MA4 - Tournées de véhicule / Vehicle Routing 1
May 11 2026 10:30 – 12:10
Location: Lima (blue)
Chaired by Michel Gendreau
4 Presentations
Control and Optimization of Behavior-Responsive Systems with Routing-Based Interventions
This study develops an integrated control and routing framework for systems with behavior responsive demand. The planner determines spatiotemporal intervention policies implemented through routing decisions, where visit frequency and timing influence user behavior through an equilibrium response. The problem is formulated as a Multi Visit Team Orienteering Problem in which inspection schedules act as control variables that shape compliance dynamics across the network.
The framework is particularly suited to patrol based operational settings in which a limited set of mobile agents must be allocated across space and time to influence system outcomes. In such applications, the effectiveness of interventions depends not only on where resources are deployed, but also on how frequently and when locations are revisited. We study this setting in the context of urban parking enforcement, where inspection intensity affects driver compliance and revenue generation. The model incorporates a behavioral equilibrium that links enforcement intensity to user response and captures the feedback between interventions and system state. A recovery time mechanism is introduced to regulate diminishing returns from repeated interventions by enforcing a minimum interval between successive visits.
To solve the resulting high dimensional problem, we develop an adaptive Variable Neighborhood Descent metaheuristic guided by a knapsack based relaxation that estimates effective intervention levels across locations. Computational results show that performance depends critically on the temporal coordination of interventions rather than only their aggregate level. While demonstrated in the context of urban parking enforcement, the framework applies more broadly to patrol based systems in which outcomes depend on the timing and distribution of control actions.
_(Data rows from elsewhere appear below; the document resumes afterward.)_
Lemma walk_CC w O N (z : int) : is_walk (cyc w) O N -> (0 < N)%N ->
  (O N).1 = (O 0%N).1 -> occ_end (O 0%N) < occ_end (O N) ->
  occ_end (O N) - occ_end (O 0%N) = z * (size w)%:Z -> CC R (cyc w).
Proof.
move=> walk_O N_pos closed lt_end period.
set rs := walk_reads O N; set ts := walk_overlaps O N.
have r0 : nth [::] rs 0 = (O 0%N).1 by rewrite nth_mkseq.
exists rs, ts; split.
  split; first exact: walk_read_chain walk_O.
  by rewrite /rs size_mkseq -nth_last size_mkseq /= /walk_reads nth_mkseq // closed.
rewrite r0; set x := drop _ _.
have eq_merged : merged_prefix rs ts N = (O 0%N).1 ++ x.
  by rewrite /x /merged /rs size_mkseq -/rs r0 drop_size_cat.
have [] := walk_merged_prefix walk_O (leqnn N).
rewrite -/rs -/ts eq_merged occurs_at_cat size_cat => /andP[_ occ_x] size_x.
have {}size_x : (size x)%:Z = z * (size w)%:Z.
  by rewrite -period; move: size_x; rewrite /occ_end; lia.
have x_nil : x != [::] by rewrite -size_eq0 -lt0n -ltz_nat size_x -period subr_gt0.
split=> //; exists (- occ_end (O 0%N)) => i.
by rewrite (cyc_window x_nil size_x occ_x) subrK.
Qed.

Section Greedy.
Variable f : cstring S.

Definition span_candidates (q : int) : seq (seq S * int) :=
  [seq (r, q - (j.+1)%:Z) | r <- R, j <- iota 0 (size r)].

Definition furthest_span (q : int) : seq S * int :=
  head ([::], 0) (sort (fun o o' => occ_end o' <= occ_end o)
                       [seq o <- span_candidates q | spans f q o]).

Lemma mem_span_candidates q o : spans f q o -> o \in span_candidates q.
Proof.
case: o => r p /and3P[r_R _ /andP[lt_p lt_q]]; rewrite /occ_end /= in lt_p lt_q.
have -> : p = q - (`|(q - p - 1)%R|%N.+1)%:Z by lia.
by apply: (allpairs_f_dep (fun r j => (r, q - (j.+1)%:Z))); rewrite // mem_iota; lia.
Qed.

Lemma furthest_spanP q : spanned f q ->
  spans f q (furthest_span q) /\
  forall o, spans f q o -> occ_end o <= occ_end (furthest_span q).
Proof.
case=> o0 span_o0; set le_end := fun o o' : seq S * int => occ_end o' <= occ_end o.
set spanners := [seq o <- span_candidates q | spans f q o].
have total_le : total le_end by move=> o o'; apply: le_total.
have trans_le : transitive le_end by move=> o' o o'' /= h1 h2; apply: le_trans h2 h1.
have mem_sorted o : (o \in sort le_end spanners) = spans f q o.
  by rewrite mem_sort mem_filter andb_idr //; apply: mem_span_candidates.
rewrite /furthest_span -/le_end -/spanners; move: mem_sorted (sort_sorted total_le spanners).
case: sort => [|o1 s] mem_sorted; first by move: (mem_sorted o0); rewrite span_o0.
move=> /(order_path_min trans_le)/allP max_o1; split; first by rewrite -mem_sorted mem_head.
by move=> o; rewrite -mem_sorted in_cons => /orP[/eqP-> // | /max_o1].
Qed.

Hypothesis f_covered : covered f.
Variable q0 : int.

Definition greedy_pos (k : nat) : int := iter k (fun q => occ_end (furthest_span q)) q0.

Definition greedy_walk (k : nat) : seq S * int := furthest_span (greedy_pos k).

Lemma greedy_walk_spans k : spans f (greedy_pos k) (greedy_walk k).
Proof. exact: (furthest_spanP (f_covered _)).1. Qed.

Lemma greedy_walk_step k :
  [/\ (greedy_walk k).2 <= (greedy_walk k.+1).2,
      (greedy_walk k.+1).2 < occ_end (greedy_walk k)
    & occ_end (greedy_walk k) < occ_end (greedy_walk k.+1)].
Proof.
have [span_A max_A] := furthest_spanP (f_covered (greedy_pos k)).
rewrite -/(greedy_walk k) in span_A max_A; case/and3P: span_A => _ _ /andP[lt_A lt_A'].
have /and3P[B_R occ_B lt_B] := greedy_walk_spans k.+1.
have pos_S : greedy_pos k.+1 = occ_end (greedy_walk k) by [].
move: lt_B; rewrite pos_S => /andP[lt_B lt_B']; split=> //; rewrite leNgt; apply/negP => lt_BA.
(* Starting before greedy_walk k, greedy_walk k.+1 would span greedy_pos k and
   reach further, against the choice of greedy_walk k. *)
suff: occ_end (greedy_walk k.+1) <= occ_end (greedy_walk k) by lia.
by apply: max_A; rewrite /spans B_R occ_B /=; lia.
Qed.

Lemma greedy_walk_is_walk i N : is_walk f (fun k => greedy_walk (i + k)%N) N.
Proof.
split=> k _; first by case/and3P: (greedy_walk_spans (i + k)%N) => -> ->.
by rewrite addnS; have [? ? ?] := greedy_walk_step (i + k)%N; split=> //; apply: ltW.
Qed.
Exact and heuristic approaches for a full truckload pickup and delivery vehicle routing problem
This project develops exact and heuristic methods for the full truckload pickup and delivery vehicle routing problem (FTL-PDVRP). It proposes two compact formulations that eliminate unnecessary vehicle movements to reduce model size and improve efficiency. Heuristic algorithms generate feasible routes, and a route-based set partitioning model selects high-quality solutions for performance comparison.
Keywords:
Full truckload pickup and delivery, compact formulation, heuristic algorithms, set partitioning
A comparison of cost-sharing models in horizontal cooperative routing
We develop and compare several cost-sharing models for cooperative vehicle routing. We examine the issues of fairness and stability in cooperative routing, and show that coalitions served by single routes are sufficient to impose stability conditions. Computational experiments are conducted on randomly generated instances and on a Quebec-based case study.
Managing Uncertain Vehicle Availability in Production Routing: Reformulation and Decomposition Methods
Uncertain driver availability can severely disrupt supply chain operations. We study this in the context of the production routing problem (PRP) and propose the stochastic PRP with uncertain vehicle availability (SPRP-V). We derive a novel deterministic reformulation, HetPRP, that embeds expected recourse costs into first-stage routing decisions, eliminating the need for stochastic decomposition. Computational results show that HetPRP significantly outperforms both the extensive form formulation and a tailored Benders decomposition that exploits the integrality of second-stage subproblems.